The Redis cluster itself is hosted on the Kubernetes Engine with a load balancer service and the individual nodes can down and come back during the load process.

If one of the nodes goes down, I see an error like -- Caused by: redis.clients.jedis.exceptions.JedisConnectionException: Failed connecting to host 10.4.1.162:6379

When this happens, the whole job terminates. Instead, I would like to ignore this exception and try to continue loading.

Is there a way to achieve that?

Regards

fe2s commented 5 years ago

Hi @iyer-r,

I didn't fully understand the idea of continuing loading while some node is down. Could you please clarify how it should happen under the hood in your opinion? Should it wait until the node is available with a timeout? There might be a Jedis configuration option for that, I will need to check.

In general Spark makes several attempts (retries) before failing the job. Do you see it in your case? As a workaround you may try to increase the number of retries.

iyer-r commented 5 years ago

Hi!

Kubernetes deployment of Redis cluster uses persistent volumes and stateful sets.
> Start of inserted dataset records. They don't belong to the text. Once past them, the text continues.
Lemma ProS_true_inst (pi : matching 1 3) :
  ProS true_inst pi = (1/2 - e) * (pi ord0 == Some cX)%:R
    + 2 * e * (pi ord0 == Some cY)%:R + (1/2 - e) * (pi ord0 == Some cZ)%:R.
Proof.
have top_first c : c != cX ->
    score true_inst ord0 w_first c < score true_inst ord0 w_first cX.
  by rewrite !score_true_first; move: c; apply: forall_I3; rewrite ?eqxx //= => _; lra.
have top_even c : c != cY ->
    score true_inst ord0 w_even c < score true_inst ord0 w_even cY.
  by rewrite !score_true_even; move: c; apply: forall_I3; rewrite ?eqxx //= => _; lra.
have top_second c : c != cZ ->
    score true_inst ord0 w_second c < score true_inst ord0 w_second cZ.
  by rewrite !score_true_second; move: c; apply: forall_I3; rewrite ?eqxx //= => _; lra.
rewrite ProS_single /prob_w !big_cons big_nil /=.
by rewrite !(stable_single_top _ _ top_first, stable_single_top _ _ top_even,
  stable_single_top _ _ top_second) // addr0 addrA.
Qed.

Lemma weight_ok_first : weight_ok w_first.
Proof.
rewrite /weight_ok sum_two_features !ffunE /= addr0 eqxx andbT.
by apply/forallP => f; rewrite ffunE ler0n.
Qed.

Lemma weight_ok_second : weight_ok w_second.
Proof.
rewrite /weight_ok sum_two_features !ffunE /= add0r eqxx andbT.
by apply/forallP => f; rewrite ffunE ler0n.
Qed.

Lemma weight_ok_even : weight_ok w_even.
Proof.
rewrite /weight_ok sum_two_features !ffunE; apply/andP; split.
  by apply/forallP => f; rewrite ffunE; lra.
by apply/eqP; lra.
Qed.

Lemma ProS_fake_inst (pi : matching 1 3) :
  ProS fake_inst pi = (pi ord0 == Some cY)%:R.
Proof.
have top w : weight_ok w -> forall c, c != cY ->
    score fake_inst ord0 w c < score fake_inst ord0 w cY.
  move=> /andP[_ /eqP sum_w] c /negbTE ncY.
  by rewrite /score -!big_distrl /= sum_w /fake_util ncY !mul1r ltr01.
rewrite ProS_single /prob_w !big_cons big_nil /=.
rewrite !(stable_single_top _ _ (top _ weight_ok_first),
  stable_single_top _ _ (top _ weight_ok_even),
  stable_single_top _ _ (top _ weight_ok_second)) //.
by rewrite addr0 addrA -!mulrDl -[RHS]mul1r; congr (_ * _); lra.
Qed.

Lemma prob_prefers_cY (o : option 'I_3) : (o == Some cX) || (o == Some cZ) ->
  prob_w weight_dist (fun w => spref true_inst ord0 w (Some cY) o) = 1/2 + e.
Proof.
have [lt1 lt0 lt_half] : [/\ (1 < 3/4 :> R) = false, 0 < 3/4 :> R & 1/2 < 3/4 :> R].
  by split; [apply/negbTE; rewrite -leNgt|..]; lra.
rewrite /prob_w !big_cons big_nil /=.
by case/orP => /eqP -> /=;
  rewrite !(score_true_first, score_true_even, score_true_second) /= lt1 lt0 lt_half /=;
  lra.
Qed.

Hypothesis e_range : 0 <= e <= 1/4.

Lemma weight_dist_ok : dist_ok weight_dist.
Proof.
rewrite /dist_ok /= weight_ok_first weight_ok_even weight_ok_second.
rewrite !big_cons big_nil /= !andbT; case/andP: e_range => e_ge0 e_le.
have [p_ends p_mid] : 0 <= 1/2 - e /\ 0 <= 2 * e by split; lra.
by rewrite p_ends p_mid /=; apply/eqP; lra.
Qed.

Lemma true_inst_valid : valid_inst true_inst.
Proof.
split=> // [s f c | s]; last exact: weight_dist_ok.
by rewrite /= /true_util; case: ifP => _; move: c; apply: forall_I3 => /=; lra.
Qed.

Lemma fake_inst_valid : valid_inst fake_inst.
Proof.
split=> // [s f c | s]; last exact: weight_dist_ok.
by rewrite /= /fake_util; case: (c == cY); rewrite /= ?lexx ?ler01.
Qed.

Section Optimality.
Variables (Alg : algorithm R) (alpha : R).
Hypotheses (opt : alpha_optimal Alg alpha) (alpha_gt0 : 0 < alpha).

Lemma optimal_on_fake_inst : @Alg 1 3 fake_inst ord0 = Some cY.
Proof.
have := alpha_optimal_ProS opt (ltW alpha_gt0) fake_inst_valid
  (is_matching_single (I := fake_inst) (fun=> isT) [ffun=> Some cY]).
by rewrite !ProS_fake_inst ffunE eqxx mulr1; case: eqP => // _; rewrite leNgt alpha_gt0.
Qed.

Lemma optimal_on_true_inst : 2 * e < alpha * (1/2 - e) ->
  (@Alg 1 3 true_inst ord0 == Some cX) || (@Alg 1 3 true_inst ord0 == Some cZ).
Proof.
move=> small_e.
have := alpha_optimal_ProS opt (ltW alpha_gt0) true_inst_valid
  (is_matching_single (I := true_inst) (fun=> isT) [ffun=> Some cX]).
rewrite !ProS_true_inst ffunE /=; apply: contraTT.
rewrite negb_or -ltNge => /andP[/negbTE -> /negbTE ->].
by case/andP: e_range => e_ge0 _; case: (_ == _) => /=; lra.
Qed.
End Optimality.
End Counterexample.

Lemma exists_small_eps (R : realType) (alpha : R) : 0 < alpha ->
  exists e : R, [/\ 0 < e, e <= 1/4 & 2 * e < alpha * (1/2 - e)].
Proof.
move=> alpha_gt0; set m := Num.min alpha 1; exists (m / 8).
have [m_gt0 m_le1 m_le_alpha] : [/\ 0 < m, m <= 1 & m <= alpha].
  by rewrite /m lt_min ge_min lexx ge_min lexx orbT alpha_gt0 ltr01.
by split; nra.
Qed.

Theorem theorem2 (R : realType) (Alg : algorithm R) :
  outputs_matchings Alg -> IC_R Alg ->
  ~ (exists alpha : R, 0 < alpha /\ alpha_optimal Alg alpha).
Proof.
move=> _ ic [alpha [alpha_gt0 opt]].
have [e [e_gt0 e_le small_e]] := exists_small_eps alpha_gt0.
have e_range : 0 <= e <= 1/4 by rewrite (ltW e_gt0) e_le.
apply: (ic 1%N 3%N (true_inst e) ord0 (@fake_util R) (weight_dist e)).
- exact: true_inst_valid.
- by rewrite misreport_true_inst; exact: fake_inst_valid.
rewrite misreport_true_inst (optimal_on_fake_inst e_range opt alpha_gt0).
by rewrite prob_prefers_cY ?(optimal_on_true_inst e_range opt alpha_gt0 small_e); lra.
Qed.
As a result, when one of the nodes goes down (for any reason), a new one comes back up with the same data.

Access to the Redis cluster is via a load balancer IP. Subsequently, individual requests can go to any of the internal nodes.

As you mention, there are attempts to retry, however, the retries are all to the internal node that went down and not to the load balancer IP. If the retry can be to the load balancer IP, then the save can continue on other nodes, while the node that went down, comes up.

Hope that makes sense.